Problem statement —
In the entries below, which lines run from the one containing "assert (Hgain : 0" to the one containing "End Quasiconvex."? Copy exactly those lines, ends included, and no others.

Listed entries —
::::
(* [z + mu T h] lies on the segment from [y] to [x + T h], so quasiconvexity bounds [f]
   there by [max (f y) (f (x + T h)) <= f z + o(T)] (as [g x = 0]); differentiability at
   [z] then forces [g z . h <= 0] for every [h], in particular for [h = g z]. *)
Lemma quasiconvex_grad_eq0_segment x y mu :
  G x -> G y -> 0 < mu <= 1 -> g x = vzero ->
  f x <= f (vadd y (vscal mu (vsub x y))) -> f y <= f (vadd y (vscal mu (vsub x y))) ->
  g (vadd y (vscal mu (vsub x y))) = vzero.
Proof.
  intros Hx Hy Hmu Hx0. set (z := vadd y (vscal mu (vsub x y))). intros Hxz Hyz.
  assert (Hz : G z) by (apply Hconvex; auto; lra).
  set (h := g z). set (s := dot h h).
  apply dot_self_eq0. fold h s. apply Rle_antisym; [|apply dot_self_ge0].
  apply Rnot_lt_le. intro Hs.
  destruct (gradient_on_open_ray n G f g Hgrad z h (s / 2) Hopen Hz) as [t0 [Ht0 Hz_ray]]; [lra|].
  destruct (gradient_on_open_ray n G f g Hgrad x h (mu * s / 4) Hopen Hx) as [t1 [Ht1 Hx_ray]];
    [nra|].
  set (T := Rmin t0 t1 / 2).
  assert (HT : 0 < T /\ T < t0 /\ T < t1).
  { unfold T. pose proof (Rmin_l t0 t1). pose proof (Rmin_r t0 t1).
    assert (0 < Rmin t0 t1) by (apply Rmin_glb_lt; lra). lra. }
  destruct (Hx_ray T) as [Hq [_ Hq_up]]; [lra|].
  rewrite Hx0, dot_vzero_l in Hq_up.
  destruct (Hz_ray (mu * T)) as [_ [Hp_low _]]; [nra|].
  set (q := vadd x (vscal T h)) in *.
  assert (Hp : vadd z (vscal (mu * T) h) = vadd y (vscal mu (vsub q y))) by (unfold z, q; vec_ring).
  pose proof (Hquasi y q mu Hy Hq (conj (Rlt_le _ _ (proj1 Hmu)) (proj2 Hmu))) as Hqc.
  rewrite <- Hp in Hqc.
  assert (Hgain : 0 < mu * T * s) by (apply Rmult_lt_0_compat; [apply Rmult_lt_0_compat|]; lra).
  change (dot (g z) h) with s in Hp_low.
  assert (Rmax (f y) (f q) < f (vadd z (vscal (mu * T) h))) by (apply Rmax_lub_lt; nra).
  lra.
Qed.

End Quasiconvex.

Lemma vec_continuous_on_vzero n (G : vec n -> Prop) (g : vec n -> vec n) y :
  vec_continuous_on G g -> G y ->
  (forall d, 0 < d -> exists z, G z /\ vnorm (vsub z y) < d /\ g z = vzero) ->
  g y = vzero.
Proof.
  intros Hcont Hy Hnear. apply vnorm_eq0.
  apply Rle_antisym; [|apply vnorm_ge0]. apply Rnot_lt_le. intro Hpos.
  destruct (Hcont y Hy (vnorm (g y)) Hpos) as [d [Hd Hclose]].
  destruct (Hnear d Hd) as [z [Hz [Hzy Hz0]]].
  specialize (Hclose z Hz Hzy). rewrite Hz0 in Hclose.
  replace (vsub vzero (g y)) with (vscal (-1) (g y)) in Hclose by vec_ring.
  rewrite vnorm_vscal, Rabs_left in Hclose by lra. lra.
Qed.

Section Argmin.

Variables (n : nat) (G S : vec n -> Prop) (f : vec n -> R) (g : vec n -> vec n).
Hypotheses (Hopen : vec_open_set G) (Hconvex : vec_convex_set G)
  (HSG : forall x, S x -> G x) (HSconvex : vec_convex_set S)
  (Hquasi : quasiconvex_on G f) (Hgrad : vec_gradient_on G f g).

Lemma argmin_first_order x y :
  argmin_on S f x -> S y -> 0 <= dot (g x) (vsub y x).
Proof.
  intros [Sx Hmin] Sy. apply (grad_dot_ge0_of_ray_ge n G f g Hgrad); [auto|].
  intros t Ht. assert (S (vadd x (vscal t (vsub y x)))) by (apply HSconvex; auto; lra).
  auto.
Qed.

Lemma argmin_grad_dot_eq0 x y :
  argmin_on S f x -> argmin_on S f y -> dot (g x) (vsub y x) = 0.
Proof.
  intros Hx Hy. apply Rle_antisym.
  - apply (quasiconvex_grad_dot_le0 n G f g Hconvex Hquasi Hgrad); [apply HSG, Hx | apply HSG, Hy|].
    apply Hy, Hx.
  - apply argmin_first_order; [exact Hx | apply Hy].
Qed.

Lemma argmin_segment x y t :
  argmin_on S f x -> argmin_on S f y -> 0 <= t <= 1 ->
  argmin_on S f (vadd x (vscal t (vsub y x))).
Proof.
  intros [Sx Hx] [Sy Hy] Ht. split; [apply HSconvex; auto|].
  intros w Sw. eapply Rle_trans; [apply Hquasi; auto|].
  apply Rmax_lub; [apply Hx | eapply Rle_trans; [apply Hy, Sx | apply Hx]]; exact Sw.
Qed.

Lemma argmin_grad_neq0 xbar x :
  vec_continuous_on G g -> argmin_on S f xbar -> g xbar <> vzero ->
  argmin_on S f x -> g x <> vzero.
Proof.
  intros Hcont Hxbar Hnz Hx Hx0. apply Hnz.
  apply (vec_continuous_on_vzero n G g); [exact Hcont | apply HSG, Hxbar|].
  intros d Hd. pose proof (vnorm_ge0 _ (vsub x xbar)) as Hn.
  set (mu := d / (vnorm (vsub x xbar) + d)).
  assert (Hmu0 : 0 < mu) by (unfold mu; apply Rdiv_lt_0_compat; lra).
  assert (E : mu * (vnorm (vsub x xbar) + d) = d) by (unfold mu; field; lra).
  assert (Hmu : 0 < mu <= 1) by nra.
  assert (Hmud : mu * vnorm (vsub x xbar) < d) by nra.
  set (z := vadd xbar (vscal mu (vsub x xbar))).
  assert (Hz : argmin_on S f z) by (apply argmin_segment; auto; lra).
  exists z. split; [apply HSG, Hz|]. split.
  - unfold z. rewrite vnorm_ray_step by lra. exact Hmud.
  - apply (quasiconvex_grad_eq0_segment n G f g Hopen Hconvex Hquasi Hgrad);
      [apply HSG, Hx | apply HSG, Hxbar | exact Hmu | exact Hx0 | apply Hx, Hz | apply Hxbar, Hz].
Qed.

Lemma argmin_of_grad_dot_ge0 xbar x :
  argmin_on S f xbar -> S x -> g x <> vzero -> 0 <= dot (g x) (vsub xbar x) ->
  argmin_on S f x.
Proof.
  intros [Sxbar Hxbar] Sx Hnz Hdir.
  pose proof (quasiconvex_pseudoconvex_at n G f g Hopen Hconvex Hquasi Hgrad x xbar
                (HSG _ Sx) (HSG _ Sxbar) Hnz Hdir).
  split; [exact Sx|]. intros y Sy. specialize (Hxbar y Sy). lra.
Qed.

End Argmin.

Theorem theorem3 (n : nat) (Gam S : vec n -> Prop) (f : vec n -> R)
  (gradf : vec n -> vec n) (xbar : vec n) :
  vec_open_set Gam -> vec_convex_set Gam ->
  (forall x, S x -> Gam x) -> (exists x, S x) -> vec_convex_set S ->
  C1_on Gam f gradf -> quasiconvex_on Gam f ->
  argmin_on S f xbar -> gradf xbar <> vzero ->
  let Sbar := argmin_on S f in
  let S1 := fun x => S x /\ dot (gradf x) (vsub xbar x) = 0 /\ gradf x <> vzero in
  let S2 := fun x => S x /\ dot (gradf x) (vsub xbar x) >= 0 /\ gradf x <> vzero in
  let S3 := fun x => S x /\ dot (gradf x) (vsub xbar x) = dot (gradf xbar) (vsub x xbar)
                         /\ gradf x <> vzero in
  let S4 := fun x => S x /\ dot (gradf x) (vsub xbar x) >= dot (gradf xbar) (vsub x xbar)
                         /\ gradf x <> vzero in
  let S5 := fun x => S x /\ dot (gradf x) (vsub xbar x) = dot (gradf xbar) (vsub x xbar)
                         /\ dot (gradf xbar) (vsub x xbar) = 0 /\ gradf x <> vzero in
  set_eq Sbar S1 /\ set_eq Sbar S2 /\ set_eq Sbar S3 /\ set_eq Sbar S4 /\ set_eq Sbar S5.
Proof.
  intros Ho Hc HSG _ HSc [Hgrad Hcont] Hq Hxbar Hnz Sbar S1 S2 S3 S4 S5.
  assert (Hmin : forall x, Sbar x ->
    S x /\ dot (gradf x) (vsub xbar x) = 0 /\ dot (gradf xbar) (vsub x xbar) = 0
    /\ gradf x <> vzero).
  { intros x Hx. split; [apply Hx|]. split; [|split].
    - apply (argmin_grad_dot_eq0 n Gam S f gradf); auto.
    - apply (argmin_grad_dot_eq0 n Gam S f gradf); auto.
    - apply (argmin_grad_neq0 n Gam S f gradf Ho Hc HSG HSc Hq Hgrad xbar); auto. }
  assert (Hback : forall x, S x -> gradf x <> vzero -> dot (gradf x) (vsub xbar x) >= 0 ->
    Sbar x).
  { intros x Sx Hx0 Hdir. apply (argmin_of_grad_dot_ge0 n Gam S f gradf Ho Hc HSG Hq Hgrad xbar);
      auto; lra. }
  assert (Hfirst : forall x, S x -> 0 <= dot (gradf xbar) (vsub x xbar))
    by (intros; apply (argmin_first_order n Gam S f gradf HSG HSc Hgrad); auto).
  split; [|split; [|split; [|split]]]; intro x; split; intro Hx.
  all: try (destruct (Hmin x Hx) as (Sx & E1 & E2 & Hx0); repeat split; auto; lra).
  all: destruct Hx as (Sx & Hx); repeat match goal with H : _ /\ _ |- _ => destruct H end.
  all: apply Hback; auto; pose proof (Hfirst x Sx); lra.
Qed.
::::
Reply to the exercise —
  assert (Hgain : 0 < mu * T * s) by (apply Rmult_lt_0_compat; [apply Rmult_lt_0_compat|]; lra).
  change (dot (g z) h) with s in Hp_low.
  assert (Rmax (f y) (f q) < f (vadd z (vscal (mu * T) h))) by (apply Rmax_lub_lt; nra).
  lra.
Qed.

End Quasiconvex.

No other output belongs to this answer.